The reply to the records below should contain exactly the lines from the line with "Definition step (s" through the line with "elim: l h v", and nothing besides.

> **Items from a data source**
==*==

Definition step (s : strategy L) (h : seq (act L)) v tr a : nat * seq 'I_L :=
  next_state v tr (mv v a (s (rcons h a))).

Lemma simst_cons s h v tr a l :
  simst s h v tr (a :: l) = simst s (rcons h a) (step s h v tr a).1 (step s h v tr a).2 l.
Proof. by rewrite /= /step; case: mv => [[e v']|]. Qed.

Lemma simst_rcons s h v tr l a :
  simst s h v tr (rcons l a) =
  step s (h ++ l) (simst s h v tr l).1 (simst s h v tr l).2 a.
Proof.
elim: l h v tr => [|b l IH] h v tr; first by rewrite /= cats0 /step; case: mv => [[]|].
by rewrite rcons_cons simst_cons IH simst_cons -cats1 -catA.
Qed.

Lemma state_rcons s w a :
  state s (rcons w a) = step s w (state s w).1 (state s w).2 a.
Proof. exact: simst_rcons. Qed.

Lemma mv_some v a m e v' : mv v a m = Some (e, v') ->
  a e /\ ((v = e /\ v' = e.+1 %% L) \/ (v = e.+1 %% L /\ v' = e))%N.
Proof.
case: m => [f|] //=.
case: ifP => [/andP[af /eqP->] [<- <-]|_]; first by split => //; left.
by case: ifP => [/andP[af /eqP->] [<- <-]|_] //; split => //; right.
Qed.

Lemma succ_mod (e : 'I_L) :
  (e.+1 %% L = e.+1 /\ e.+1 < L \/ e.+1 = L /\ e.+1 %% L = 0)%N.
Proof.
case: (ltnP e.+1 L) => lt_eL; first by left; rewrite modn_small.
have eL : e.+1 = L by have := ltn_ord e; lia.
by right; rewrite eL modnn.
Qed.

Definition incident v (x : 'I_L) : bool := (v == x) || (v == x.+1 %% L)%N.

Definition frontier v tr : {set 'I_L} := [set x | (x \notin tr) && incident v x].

==*==

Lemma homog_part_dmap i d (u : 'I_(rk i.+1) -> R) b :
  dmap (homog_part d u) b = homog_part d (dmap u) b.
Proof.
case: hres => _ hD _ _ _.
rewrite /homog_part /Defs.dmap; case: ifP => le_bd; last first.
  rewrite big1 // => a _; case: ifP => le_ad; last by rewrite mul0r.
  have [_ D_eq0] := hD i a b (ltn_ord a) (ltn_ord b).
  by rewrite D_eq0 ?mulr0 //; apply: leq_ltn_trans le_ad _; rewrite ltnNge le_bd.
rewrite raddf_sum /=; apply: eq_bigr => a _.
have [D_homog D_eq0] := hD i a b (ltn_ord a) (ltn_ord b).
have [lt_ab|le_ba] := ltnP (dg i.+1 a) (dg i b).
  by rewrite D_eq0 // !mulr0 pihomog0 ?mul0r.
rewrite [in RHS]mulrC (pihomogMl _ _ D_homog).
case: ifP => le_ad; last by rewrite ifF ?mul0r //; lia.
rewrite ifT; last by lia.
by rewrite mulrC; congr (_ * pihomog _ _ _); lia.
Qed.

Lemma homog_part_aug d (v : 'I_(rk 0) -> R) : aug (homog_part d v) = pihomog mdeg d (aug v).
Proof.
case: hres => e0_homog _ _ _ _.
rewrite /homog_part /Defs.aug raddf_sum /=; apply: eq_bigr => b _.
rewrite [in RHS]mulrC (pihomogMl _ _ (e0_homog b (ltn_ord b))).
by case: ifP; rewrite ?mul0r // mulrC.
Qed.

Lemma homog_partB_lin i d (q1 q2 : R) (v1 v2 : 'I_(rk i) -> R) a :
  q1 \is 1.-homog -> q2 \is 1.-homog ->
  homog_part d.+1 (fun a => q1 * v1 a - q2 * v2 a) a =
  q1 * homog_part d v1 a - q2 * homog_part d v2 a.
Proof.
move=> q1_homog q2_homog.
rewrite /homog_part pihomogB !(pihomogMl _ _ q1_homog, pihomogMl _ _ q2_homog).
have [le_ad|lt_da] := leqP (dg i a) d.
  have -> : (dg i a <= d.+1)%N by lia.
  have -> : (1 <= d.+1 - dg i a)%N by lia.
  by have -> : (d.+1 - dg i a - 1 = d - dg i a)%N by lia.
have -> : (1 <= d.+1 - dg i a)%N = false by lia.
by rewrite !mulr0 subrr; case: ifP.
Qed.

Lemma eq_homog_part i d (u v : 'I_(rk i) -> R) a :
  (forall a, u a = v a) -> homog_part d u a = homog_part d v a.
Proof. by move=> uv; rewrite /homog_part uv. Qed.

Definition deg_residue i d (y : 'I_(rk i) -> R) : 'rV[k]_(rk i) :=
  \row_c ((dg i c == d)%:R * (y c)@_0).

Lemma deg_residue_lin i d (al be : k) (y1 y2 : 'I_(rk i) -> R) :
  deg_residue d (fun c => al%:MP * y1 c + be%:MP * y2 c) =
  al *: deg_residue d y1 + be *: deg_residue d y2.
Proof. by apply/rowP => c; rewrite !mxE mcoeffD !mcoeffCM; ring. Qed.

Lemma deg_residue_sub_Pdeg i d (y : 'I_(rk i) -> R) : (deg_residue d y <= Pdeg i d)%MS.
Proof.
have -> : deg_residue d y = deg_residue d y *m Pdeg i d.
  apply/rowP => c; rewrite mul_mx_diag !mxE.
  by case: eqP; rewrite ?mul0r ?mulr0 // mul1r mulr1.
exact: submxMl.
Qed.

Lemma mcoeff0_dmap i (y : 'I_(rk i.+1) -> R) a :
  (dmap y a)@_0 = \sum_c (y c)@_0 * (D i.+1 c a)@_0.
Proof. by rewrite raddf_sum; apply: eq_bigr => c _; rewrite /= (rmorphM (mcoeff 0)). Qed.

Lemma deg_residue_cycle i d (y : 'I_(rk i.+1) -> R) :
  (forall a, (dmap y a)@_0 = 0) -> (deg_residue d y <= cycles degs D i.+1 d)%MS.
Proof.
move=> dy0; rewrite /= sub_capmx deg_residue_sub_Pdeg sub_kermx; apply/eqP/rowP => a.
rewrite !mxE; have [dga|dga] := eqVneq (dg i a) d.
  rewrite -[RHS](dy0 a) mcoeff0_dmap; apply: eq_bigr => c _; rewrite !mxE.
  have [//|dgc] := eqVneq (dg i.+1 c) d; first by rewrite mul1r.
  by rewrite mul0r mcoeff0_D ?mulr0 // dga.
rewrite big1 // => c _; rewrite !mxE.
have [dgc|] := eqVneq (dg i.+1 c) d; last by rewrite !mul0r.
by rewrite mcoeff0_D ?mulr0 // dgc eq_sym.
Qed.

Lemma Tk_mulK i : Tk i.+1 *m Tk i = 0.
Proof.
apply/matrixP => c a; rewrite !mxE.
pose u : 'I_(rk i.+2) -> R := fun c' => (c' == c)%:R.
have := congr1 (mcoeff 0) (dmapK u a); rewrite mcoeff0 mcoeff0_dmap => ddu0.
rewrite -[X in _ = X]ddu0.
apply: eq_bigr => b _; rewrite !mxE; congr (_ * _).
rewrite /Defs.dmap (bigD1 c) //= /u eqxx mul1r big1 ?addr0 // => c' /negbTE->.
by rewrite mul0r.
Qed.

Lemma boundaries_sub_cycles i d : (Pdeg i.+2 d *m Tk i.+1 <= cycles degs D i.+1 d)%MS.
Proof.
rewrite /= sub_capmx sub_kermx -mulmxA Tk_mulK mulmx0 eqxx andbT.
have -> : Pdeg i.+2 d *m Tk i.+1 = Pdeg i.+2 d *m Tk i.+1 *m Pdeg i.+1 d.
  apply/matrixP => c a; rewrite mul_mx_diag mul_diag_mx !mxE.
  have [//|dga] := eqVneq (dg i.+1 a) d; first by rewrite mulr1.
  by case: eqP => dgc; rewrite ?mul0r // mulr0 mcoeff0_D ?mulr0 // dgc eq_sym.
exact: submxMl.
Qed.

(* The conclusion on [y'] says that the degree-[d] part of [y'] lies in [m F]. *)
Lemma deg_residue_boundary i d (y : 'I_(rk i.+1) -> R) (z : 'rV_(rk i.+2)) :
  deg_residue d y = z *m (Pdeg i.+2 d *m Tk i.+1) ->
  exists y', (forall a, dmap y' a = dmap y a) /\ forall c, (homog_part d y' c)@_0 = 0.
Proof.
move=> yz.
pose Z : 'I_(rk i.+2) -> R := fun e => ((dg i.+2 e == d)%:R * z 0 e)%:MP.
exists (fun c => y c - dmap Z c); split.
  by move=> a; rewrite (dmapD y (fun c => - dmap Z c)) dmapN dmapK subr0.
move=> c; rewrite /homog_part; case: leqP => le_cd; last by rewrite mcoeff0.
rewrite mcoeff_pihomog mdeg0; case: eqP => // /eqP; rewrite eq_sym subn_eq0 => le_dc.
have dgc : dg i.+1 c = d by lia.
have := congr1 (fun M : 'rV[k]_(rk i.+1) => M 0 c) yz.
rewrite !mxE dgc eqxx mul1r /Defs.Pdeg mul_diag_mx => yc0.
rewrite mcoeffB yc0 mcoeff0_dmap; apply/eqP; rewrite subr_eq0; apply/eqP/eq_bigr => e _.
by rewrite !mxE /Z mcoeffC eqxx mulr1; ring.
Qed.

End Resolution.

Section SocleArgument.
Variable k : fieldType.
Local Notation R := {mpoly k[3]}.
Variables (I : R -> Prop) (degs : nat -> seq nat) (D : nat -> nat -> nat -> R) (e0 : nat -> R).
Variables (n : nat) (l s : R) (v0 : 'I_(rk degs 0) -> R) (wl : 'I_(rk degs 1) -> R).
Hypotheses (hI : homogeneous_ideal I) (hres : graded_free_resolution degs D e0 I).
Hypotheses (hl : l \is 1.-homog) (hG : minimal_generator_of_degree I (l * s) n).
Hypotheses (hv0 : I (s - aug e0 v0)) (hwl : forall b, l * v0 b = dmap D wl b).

==*==

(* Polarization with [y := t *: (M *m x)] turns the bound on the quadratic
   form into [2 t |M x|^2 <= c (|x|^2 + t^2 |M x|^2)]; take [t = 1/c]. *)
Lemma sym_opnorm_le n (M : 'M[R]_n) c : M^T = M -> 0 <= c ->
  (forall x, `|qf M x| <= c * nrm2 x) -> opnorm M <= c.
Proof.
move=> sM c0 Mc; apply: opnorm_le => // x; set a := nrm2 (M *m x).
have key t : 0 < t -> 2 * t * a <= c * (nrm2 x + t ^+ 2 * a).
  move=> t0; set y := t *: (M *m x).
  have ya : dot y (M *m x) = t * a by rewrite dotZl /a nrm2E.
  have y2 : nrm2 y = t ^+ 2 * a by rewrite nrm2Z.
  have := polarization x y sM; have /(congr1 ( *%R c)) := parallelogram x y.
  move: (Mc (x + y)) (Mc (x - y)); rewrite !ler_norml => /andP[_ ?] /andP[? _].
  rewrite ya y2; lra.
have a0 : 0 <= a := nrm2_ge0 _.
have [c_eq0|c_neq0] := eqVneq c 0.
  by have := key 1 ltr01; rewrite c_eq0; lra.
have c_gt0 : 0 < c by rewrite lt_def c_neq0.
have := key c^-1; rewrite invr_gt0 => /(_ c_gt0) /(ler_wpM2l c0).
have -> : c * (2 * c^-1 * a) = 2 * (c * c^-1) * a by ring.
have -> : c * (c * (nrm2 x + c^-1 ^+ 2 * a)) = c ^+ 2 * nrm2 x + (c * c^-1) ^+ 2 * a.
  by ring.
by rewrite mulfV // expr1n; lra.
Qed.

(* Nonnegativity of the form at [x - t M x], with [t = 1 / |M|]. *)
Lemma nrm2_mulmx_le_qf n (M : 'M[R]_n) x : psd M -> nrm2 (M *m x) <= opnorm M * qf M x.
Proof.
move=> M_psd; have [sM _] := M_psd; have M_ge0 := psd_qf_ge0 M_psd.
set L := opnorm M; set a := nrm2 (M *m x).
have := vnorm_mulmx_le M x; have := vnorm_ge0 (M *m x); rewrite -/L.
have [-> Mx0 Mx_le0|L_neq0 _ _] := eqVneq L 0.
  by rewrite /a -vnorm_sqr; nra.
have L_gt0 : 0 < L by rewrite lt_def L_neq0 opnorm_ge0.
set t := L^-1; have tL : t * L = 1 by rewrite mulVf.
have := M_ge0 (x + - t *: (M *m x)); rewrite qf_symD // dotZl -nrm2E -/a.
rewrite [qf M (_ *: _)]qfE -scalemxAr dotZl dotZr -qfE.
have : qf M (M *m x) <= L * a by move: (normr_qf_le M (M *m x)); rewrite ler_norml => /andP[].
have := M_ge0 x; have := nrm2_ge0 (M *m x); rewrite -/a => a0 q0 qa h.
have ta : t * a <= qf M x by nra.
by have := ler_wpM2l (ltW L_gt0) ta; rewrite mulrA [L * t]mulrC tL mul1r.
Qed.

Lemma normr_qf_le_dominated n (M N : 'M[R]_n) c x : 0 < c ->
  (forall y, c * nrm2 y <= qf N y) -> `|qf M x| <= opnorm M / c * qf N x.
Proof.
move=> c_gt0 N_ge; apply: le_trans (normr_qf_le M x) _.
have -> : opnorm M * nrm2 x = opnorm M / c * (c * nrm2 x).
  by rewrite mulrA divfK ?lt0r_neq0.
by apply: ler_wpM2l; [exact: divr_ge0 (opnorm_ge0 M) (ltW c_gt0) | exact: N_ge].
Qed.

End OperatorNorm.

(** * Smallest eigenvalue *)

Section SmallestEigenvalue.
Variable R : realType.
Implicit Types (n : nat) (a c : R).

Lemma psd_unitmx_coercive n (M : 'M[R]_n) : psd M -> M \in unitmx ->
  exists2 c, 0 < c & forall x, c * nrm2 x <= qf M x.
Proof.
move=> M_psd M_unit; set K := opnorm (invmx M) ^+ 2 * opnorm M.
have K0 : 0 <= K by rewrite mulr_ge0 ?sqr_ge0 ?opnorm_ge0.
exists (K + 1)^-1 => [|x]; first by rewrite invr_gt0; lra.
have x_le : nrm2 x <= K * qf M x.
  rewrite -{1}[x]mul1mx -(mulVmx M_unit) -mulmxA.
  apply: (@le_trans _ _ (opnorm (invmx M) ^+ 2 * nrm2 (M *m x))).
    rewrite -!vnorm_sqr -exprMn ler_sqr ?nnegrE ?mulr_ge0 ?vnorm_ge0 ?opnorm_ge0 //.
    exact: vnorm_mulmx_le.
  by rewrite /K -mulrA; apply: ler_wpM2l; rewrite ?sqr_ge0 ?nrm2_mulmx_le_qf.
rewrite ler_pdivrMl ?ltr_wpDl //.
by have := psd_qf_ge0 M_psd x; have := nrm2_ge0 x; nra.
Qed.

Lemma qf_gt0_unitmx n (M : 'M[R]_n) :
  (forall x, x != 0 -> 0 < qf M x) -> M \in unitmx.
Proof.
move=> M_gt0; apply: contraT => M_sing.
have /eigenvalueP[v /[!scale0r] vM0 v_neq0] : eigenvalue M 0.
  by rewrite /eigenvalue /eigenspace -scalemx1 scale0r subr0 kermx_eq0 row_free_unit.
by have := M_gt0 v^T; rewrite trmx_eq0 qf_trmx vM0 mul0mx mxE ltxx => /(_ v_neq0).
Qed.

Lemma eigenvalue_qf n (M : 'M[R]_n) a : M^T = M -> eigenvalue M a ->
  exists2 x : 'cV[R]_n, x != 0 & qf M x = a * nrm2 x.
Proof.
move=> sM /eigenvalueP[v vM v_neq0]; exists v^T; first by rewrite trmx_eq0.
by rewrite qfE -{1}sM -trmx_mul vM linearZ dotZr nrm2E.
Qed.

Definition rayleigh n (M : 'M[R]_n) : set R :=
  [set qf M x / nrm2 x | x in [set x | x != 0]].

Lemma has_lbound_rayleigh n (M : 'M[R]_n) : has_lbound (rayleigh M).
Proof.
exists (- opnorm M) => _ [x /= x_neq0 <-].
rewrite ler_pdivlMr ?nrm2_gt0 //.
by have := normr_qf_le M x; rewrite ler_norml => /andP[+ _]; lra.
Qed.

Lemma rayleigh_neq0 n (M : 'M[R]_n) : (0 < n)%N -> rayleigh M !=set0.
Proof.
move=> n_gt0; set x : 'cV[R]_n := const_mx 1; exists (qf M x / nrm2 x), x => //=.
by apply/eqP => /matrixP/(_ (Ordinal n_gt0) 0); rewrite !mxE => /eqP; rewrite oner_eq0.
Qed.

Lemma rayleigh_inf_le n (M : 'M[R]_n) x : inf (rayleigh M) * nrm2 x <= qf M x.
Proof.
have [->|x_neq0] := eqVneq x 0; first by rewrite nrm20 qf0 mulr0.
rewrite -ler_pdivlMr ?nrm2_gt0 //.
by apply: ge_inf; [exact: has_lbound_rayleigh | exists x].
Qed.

==*==

> **Result of this task**
Definition step (s : strategy L) (h : seq (act L)) v tr a : nat * seq 'I_L :=
  next_state v tr (mv v a (s (rcons h a))).

Lemma simst_cons s h v tr a l :
  simst s h v tr (a :: l) = simst s (rcons h a) (step s h v tr a).1 (step s h v tr a).2 l.
Proof. by rewrite /= /step; case: mv => [[e v']|]. Qed.

Lemma simst_rcons s h v tr l a :
  simst s h v tr (rcons l a) =
  step s (h ++ l) (simst s h v tr l).1 (simst s h v tr l).2 a.
Proof.
elim: l h v tr => [|b l IH] h v tr; first by rewrite /= cats0 /step; case: mv => [[]|].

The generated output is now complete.